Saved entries
Content starts
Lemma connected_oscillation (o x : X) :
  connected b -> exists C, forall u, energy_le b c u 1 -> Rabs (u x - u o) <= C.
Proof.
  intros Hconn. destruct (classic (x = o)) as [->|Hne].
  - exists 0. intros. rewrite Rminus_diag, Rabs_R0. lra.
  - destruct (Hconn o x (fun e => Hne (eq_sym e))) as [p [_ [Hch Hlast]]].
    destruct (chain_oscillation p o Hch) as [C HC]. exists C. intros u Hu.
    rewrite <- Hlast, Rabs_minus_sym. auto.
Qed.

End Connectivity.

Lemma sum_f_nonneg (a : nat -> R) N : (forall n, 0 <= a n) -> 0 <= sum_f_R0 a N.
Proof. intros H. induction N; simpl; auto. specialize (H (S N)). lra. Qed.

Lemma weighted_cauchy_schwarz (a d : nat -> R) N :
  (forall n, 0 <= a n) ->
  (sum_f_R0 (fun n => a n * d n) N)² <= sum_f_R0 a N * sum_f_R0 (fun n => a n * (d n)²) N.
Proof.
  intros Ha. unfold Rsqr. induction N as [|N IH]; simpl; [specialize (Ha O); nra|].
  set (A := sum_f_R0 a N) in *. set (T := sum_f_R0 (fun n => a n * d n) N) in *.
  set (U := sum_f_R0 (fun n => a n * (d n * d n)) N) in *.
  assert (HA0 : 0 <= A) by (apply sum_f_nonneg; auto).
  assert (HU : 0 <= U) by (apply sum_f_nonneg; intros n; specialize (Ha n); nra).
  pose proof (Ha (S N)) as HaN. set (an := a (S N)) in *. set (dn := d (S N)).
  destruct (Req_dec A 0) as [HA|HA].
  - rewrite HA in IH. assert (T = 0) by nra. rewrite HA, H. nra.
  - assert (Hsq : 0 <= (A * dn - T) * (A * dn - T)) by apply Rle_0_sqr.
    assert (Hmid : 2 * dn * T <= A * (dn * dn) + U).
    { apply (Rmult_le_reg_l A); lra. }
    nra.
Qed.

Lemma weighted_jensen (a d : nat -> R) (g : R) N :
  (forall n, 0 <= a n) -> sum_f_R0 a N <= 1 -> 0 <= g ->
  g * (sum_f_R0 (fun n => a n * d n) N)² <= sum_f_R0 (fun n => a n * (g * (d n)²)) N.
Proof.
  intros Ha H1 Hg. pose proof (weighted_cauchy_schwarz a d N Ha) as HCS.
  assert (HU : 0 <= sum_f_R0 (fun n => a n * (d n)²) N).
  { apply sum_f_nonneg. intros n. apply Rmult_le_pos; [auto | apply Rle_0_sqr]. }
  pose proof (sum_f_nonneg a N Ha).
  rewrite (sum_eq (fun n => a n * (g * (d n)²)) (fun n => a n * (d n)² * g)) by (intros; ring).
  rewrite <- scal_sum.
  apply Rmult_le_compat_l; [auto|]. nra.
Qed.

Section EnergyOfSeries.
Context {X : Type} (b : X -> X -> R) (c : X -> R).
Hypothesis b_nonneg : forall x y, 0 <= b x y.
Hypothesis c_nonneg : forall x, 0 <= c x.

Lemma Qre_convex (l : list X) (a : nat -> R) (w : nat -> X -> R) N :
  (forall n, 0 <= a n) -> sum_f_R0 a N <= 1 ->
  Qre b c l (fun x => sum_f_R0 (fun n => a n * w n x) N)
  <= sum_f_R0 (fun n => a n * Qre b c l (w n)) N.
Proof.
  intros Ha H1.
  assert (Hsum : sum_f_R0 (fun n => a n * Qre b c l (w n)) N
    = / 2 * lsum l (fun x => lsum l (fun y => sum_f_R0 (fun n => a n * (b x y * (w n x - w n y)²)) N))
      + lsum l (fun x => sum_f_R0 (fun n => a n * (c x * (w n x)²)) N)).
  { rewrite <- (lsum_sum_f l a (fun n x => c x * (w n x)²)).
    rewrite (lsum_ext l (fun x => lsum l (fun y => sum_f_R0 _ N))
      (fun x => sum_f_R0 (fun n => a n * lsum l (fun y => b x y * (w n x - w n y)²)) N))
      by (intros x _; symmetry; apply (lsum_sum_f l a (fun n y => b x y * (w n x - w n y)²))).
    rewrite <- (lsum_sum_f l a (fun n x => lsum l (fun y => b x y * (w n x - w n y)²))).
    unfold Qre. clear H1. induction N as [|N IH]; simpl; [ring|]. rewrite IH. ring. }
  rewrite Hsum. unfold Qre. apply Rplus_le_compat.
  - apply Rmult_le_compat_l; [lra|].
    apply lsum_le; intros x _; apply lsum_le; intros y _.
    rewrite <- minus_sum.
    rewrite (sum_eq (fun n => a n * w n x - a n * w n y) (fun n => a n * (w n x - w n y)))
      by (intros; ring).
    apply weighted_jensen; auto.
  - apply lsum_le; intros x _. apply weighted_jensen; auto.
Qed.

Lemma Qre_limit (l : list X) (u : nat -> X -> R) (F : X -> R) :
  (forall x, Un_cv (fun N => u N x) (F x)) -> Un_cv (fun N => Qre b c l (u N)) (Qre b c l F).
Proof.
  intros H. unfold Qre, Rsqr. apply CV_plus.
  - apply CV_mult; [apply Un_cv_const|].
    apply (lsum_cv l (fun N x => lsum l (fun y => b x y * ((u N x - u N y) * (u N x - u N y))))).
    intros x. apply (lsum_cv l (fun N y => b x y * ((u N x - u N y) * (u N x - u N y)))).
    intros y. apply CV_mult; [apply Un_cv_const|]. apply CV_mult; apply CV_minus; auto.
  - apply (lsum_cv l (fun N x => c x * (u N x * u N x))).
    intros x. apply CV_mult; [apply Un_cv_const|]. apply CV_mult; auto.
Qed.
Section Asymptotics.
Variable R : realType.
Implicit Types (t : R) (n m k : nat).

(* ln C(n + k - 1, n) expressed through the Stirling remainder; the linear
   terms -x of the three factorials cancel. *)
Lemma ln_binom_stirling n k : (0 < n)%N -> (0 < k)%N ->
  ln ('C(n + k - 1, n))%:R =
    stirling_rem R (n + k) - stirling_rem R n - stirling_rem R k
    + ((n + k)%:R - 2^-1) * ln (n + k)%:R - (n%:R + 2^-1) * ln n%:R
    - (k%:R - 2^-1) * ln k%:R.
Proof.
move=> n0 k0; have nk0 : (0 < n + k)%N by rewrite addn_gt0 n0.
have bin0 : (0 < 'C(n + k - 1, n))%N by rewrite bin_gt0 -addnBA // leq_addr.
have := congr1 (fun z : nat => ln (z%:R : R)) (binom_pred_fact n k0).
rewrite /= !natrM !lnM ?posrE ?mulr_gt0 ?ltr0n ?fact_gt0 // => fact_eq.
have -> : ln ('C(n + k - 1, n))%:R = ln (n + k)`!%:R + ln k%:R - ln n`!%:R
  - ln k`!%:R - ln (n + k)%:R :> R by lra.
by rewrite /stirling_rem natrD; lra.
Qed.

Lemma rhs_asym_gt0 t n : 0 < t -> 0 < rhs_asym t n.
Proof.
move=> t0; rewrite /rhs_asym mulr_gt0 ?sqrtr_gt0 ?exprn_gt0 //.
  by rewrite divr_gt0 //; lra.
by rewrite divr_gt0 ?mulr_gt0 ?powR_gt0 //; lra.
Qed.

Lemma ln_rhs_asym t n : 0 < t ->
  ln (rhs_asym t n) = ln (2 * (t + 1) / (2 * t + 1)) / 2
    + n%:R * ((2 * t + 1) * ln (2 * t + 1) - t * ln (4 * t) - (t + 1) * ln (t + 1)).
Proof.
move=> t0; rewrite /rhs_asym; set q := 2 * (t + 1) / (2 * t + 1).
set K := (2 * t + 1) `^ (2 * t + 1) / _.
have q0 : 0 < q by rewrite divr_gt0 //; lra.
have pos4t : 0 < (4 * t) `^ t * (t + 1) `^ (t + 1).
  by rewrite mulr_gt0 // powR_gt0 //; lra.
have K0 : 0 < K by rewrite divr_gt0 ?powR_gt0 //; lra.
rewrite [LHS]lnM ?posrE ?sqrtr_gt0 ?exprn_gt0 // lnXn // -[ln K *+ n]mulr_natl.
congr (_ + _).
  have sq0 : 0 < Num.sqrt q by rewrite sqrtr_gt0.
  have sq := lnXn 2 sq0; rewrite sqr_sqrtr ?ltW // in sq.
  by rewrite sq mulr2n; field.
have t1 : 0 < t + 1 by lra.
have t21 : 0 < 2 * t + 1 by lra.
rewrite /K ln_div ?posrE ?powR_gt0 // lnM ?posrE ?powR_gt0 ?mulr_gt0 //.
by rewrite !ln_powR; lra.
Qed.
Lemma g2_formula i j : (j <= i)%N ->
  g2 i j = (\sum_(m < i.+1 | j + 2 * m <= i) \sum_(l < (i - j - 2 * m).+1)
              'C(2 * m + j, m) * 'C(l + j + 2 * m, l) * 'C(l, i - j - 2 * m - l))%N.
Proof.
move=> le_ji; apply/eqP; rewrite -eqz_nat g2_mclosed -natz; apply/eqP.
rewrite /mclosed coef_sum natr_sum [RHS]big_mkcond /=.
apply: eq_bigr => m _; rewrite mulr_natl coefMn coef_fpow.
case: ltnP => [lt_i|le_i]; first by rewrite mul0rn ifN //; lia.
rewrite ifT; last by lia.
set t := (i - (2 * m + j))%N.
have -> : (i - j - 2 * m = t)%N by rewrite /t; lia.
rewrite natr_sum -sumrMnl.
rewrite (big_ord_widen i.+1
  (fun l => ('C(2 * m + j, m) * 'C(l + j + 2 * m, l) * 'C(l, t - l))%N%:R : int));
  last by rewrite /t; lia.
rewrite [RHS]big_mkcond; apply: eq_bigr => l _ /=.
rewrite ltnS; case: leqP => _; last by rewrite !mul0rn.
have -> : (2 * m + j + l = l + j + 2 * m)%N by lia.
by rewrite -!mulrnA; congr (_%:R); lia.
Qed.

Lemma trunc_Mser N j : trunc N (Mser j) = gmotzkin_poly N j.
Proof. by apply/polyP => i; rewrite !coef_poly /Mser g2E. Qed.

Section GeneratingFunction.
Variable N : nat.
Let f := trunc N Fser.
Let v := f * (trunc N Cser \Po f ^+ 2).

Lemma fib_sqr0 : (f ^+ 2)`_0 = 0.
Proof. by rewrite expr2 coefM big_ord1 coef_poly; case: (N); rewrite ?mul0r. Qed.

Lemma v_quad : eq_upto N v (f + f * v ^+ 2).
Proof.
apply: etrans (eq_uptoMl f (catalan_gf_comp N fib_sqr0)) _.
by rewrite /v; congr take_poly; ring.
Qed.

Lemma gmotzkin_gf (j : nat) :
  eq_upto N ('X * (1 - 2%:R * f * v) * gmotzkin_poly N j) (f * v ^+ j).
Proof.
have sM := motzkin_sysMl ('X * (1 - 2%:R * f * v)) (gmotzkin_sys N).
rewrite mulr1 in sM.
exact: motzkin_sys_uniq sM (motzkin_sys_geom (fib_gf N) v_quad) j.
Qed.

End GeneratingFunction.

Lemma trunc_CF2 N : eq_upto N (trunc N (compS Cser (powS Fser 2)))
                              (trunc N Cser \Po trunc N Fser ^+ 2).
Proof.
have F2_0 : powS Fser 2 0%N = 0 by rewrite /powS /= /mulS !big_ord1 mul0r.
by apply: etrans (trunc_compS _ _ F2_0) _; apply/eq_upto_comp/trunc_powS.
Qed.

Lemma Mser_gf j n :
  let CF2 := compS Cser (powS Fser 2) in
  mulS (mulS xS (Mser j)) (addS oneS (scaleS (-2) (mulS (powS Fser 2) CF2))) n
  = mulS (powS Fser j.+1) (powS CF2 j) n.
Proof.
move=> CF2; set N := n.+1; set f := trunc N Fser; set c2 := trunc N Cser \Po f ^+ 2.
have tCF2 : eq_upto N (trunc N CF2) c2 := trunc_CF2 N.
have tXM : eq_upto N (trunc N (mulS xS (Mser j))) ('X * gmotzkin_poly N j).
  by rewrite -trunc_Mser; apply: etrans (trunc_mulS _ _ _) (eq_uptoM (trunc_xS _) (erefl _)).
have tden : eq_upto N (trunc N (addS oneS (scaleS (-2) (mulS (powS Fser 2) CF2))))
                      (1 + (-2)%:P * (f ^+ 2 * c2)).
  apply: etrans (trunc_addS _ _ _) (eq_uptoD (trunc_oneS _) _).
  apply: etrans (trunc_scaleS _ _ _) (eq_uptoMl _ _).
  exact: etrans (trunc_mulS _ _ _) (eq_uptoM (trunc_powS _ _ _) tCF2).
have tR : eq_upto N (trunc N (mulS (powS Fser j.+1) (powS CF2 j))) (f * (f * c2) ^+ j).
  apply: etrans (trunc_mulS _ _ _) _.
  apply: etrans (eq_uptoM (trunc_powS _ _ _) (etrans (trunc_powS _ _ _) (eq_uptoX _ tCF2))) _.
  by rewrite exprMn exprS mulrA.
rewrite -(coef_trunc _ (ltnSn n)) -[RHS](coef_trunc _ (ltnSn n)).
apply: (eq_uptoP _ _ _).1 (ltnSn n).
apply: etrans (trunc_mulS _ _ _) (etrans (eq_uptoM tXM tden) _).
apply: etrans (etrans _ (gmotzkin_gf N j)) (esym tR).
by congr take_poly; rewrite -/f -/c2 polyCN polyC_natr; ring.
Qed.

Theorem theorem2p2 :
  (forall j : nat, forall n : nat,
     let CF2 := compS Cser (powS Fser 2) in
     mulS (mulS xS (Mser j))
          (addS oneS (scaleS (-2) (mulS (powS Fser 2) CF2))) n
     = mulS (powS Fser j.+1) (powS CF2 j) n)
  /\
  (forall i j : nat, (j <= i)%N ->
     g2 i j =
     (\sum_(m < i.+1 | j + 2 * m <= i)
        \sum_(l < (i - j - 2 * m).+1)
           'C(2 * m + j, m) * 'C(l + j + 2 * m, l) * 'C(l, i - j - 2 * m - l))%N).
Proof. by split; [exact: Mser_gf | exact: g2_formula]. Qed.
Content ends
# Exercise prompt:
From the first line of the data above through the line containing "Hypothesis c_nonneg : forall x, 0 <= c x.", repeat each line exactly, and add nothing.

# The answer:
Lemma connected_oscillation (o x : X) :
  connected b -> exists C, forall u, energy_le b c u 1 -> Rabs (u x - u o) <= C.
Proof.
  intros Hconn. destruct (classic (x = o)) as [->|Hne].
  - exists 0. intros. rewrite Rminus_diag, Rabs_R0. lra.
  - destruct (Hconn o x (fun e => Hne (eq_sym e))) as [p [_ [Hch Hlast]]].
    destruct (chain_oscillation p o Hch) as [C HC]. exists C. intros u Hu.
    rewrite <- Hlast, Rabs_minus_sym. auto.
Qed.

End Connectivity.

Lemma sum_f_nonneg (a : nat -> R) N : (forall n, 0 <= a n) -> 0 <= sum_f_R0 a N.
Proof. intros H. induction N; simpl; auto. specialize (H (S N)). lra. Qed.

Lemma weighted_cauchy_schwarz (a d : nat -> R) N :
  (forall n, 0 <= a n) ->
  (sum_f_R0 (fun n => a n * d n) N)² <= sum_f_R0 a N * sum_f_R0 (fun n => a n * (d n)²) N.
Proof.
  intros Ha. unfold Rsqr. induction N as [|N IH]; simpl; [specialize (Ha O); nra|].
  set (A := sum_f_R0 a N) in *. set (T := sum_f_R0 (fun n => a n * d n) N) in *.
  set (U := sum_f_R0 (fun n => a n * (d n * d n)) N) in *.
  assert (HA0 : 0 <= A) by (apply sum_f_nonneg; auto).
  assert (HU : 0 <= U) by (apply sum_f_nonneg; intros n; specialize (Ha n); nra).
  pose proof (Ha (S N)) as HaN. set (an := a (S N)) in *. set (dn := d (S N)).
  destruct (Req_dec A 0) as [HA|HA].
  - rewrite HA in IH. assert (T = 0) by nra. rewrite HA, H. nra.
  - assert (Hsq : 0 <= (A * dn - T) * (A * dn - T)) by apply Rle_0_sqr.
    assert (Hmid : 2 * dn * T <= A * (dn * dn) + U).
    { apply (Rmult_le_reg_l A); lra. }
    nra.
Qed.

Lemma weighted_jensen (a d : nat -> R) (g : R) N :
  (forall n, 0 <= a n) -> sum_f_R0 a N <= 1 -> 0 <= g ->
  g * (sum_f_R0 (fun n => a n * d n) N)² <= sum_f_R0 (fun n => a n * (g * (d n)²)) N.
Proof.
  intros Ha H1 Hg. pose proof (weighted_cauchy_schwarz a d N Ha) as HCS.
  assert (HU : 0 <= sum_f_R0 (fun n => a n * (d n)²) N).
  { apply sum_f_nonneg. intros n. apply Rmult_le_pos; [auto | apply Rle_0_sqr]. }
  pose proof (sum_f_nonneg a N Ha).
  rewrite (sum_eq (fun n => a n * (g * (d n)²)) (fun n => a n * (d n)² * g)) by (intros; ring).
  rewrite <- scal_sum.
  apply Rmult_le_compat_l; [auto|]. nra.
Qed.

Section EnergyOfSeries.
Context {X : Type} (b : X -> X -> R) (c : X -> R).
Hypothesis b_nonneg : forall x y, 0 <= b x y.
Hypothesis c_nonneg : forall x, 0 <= c x.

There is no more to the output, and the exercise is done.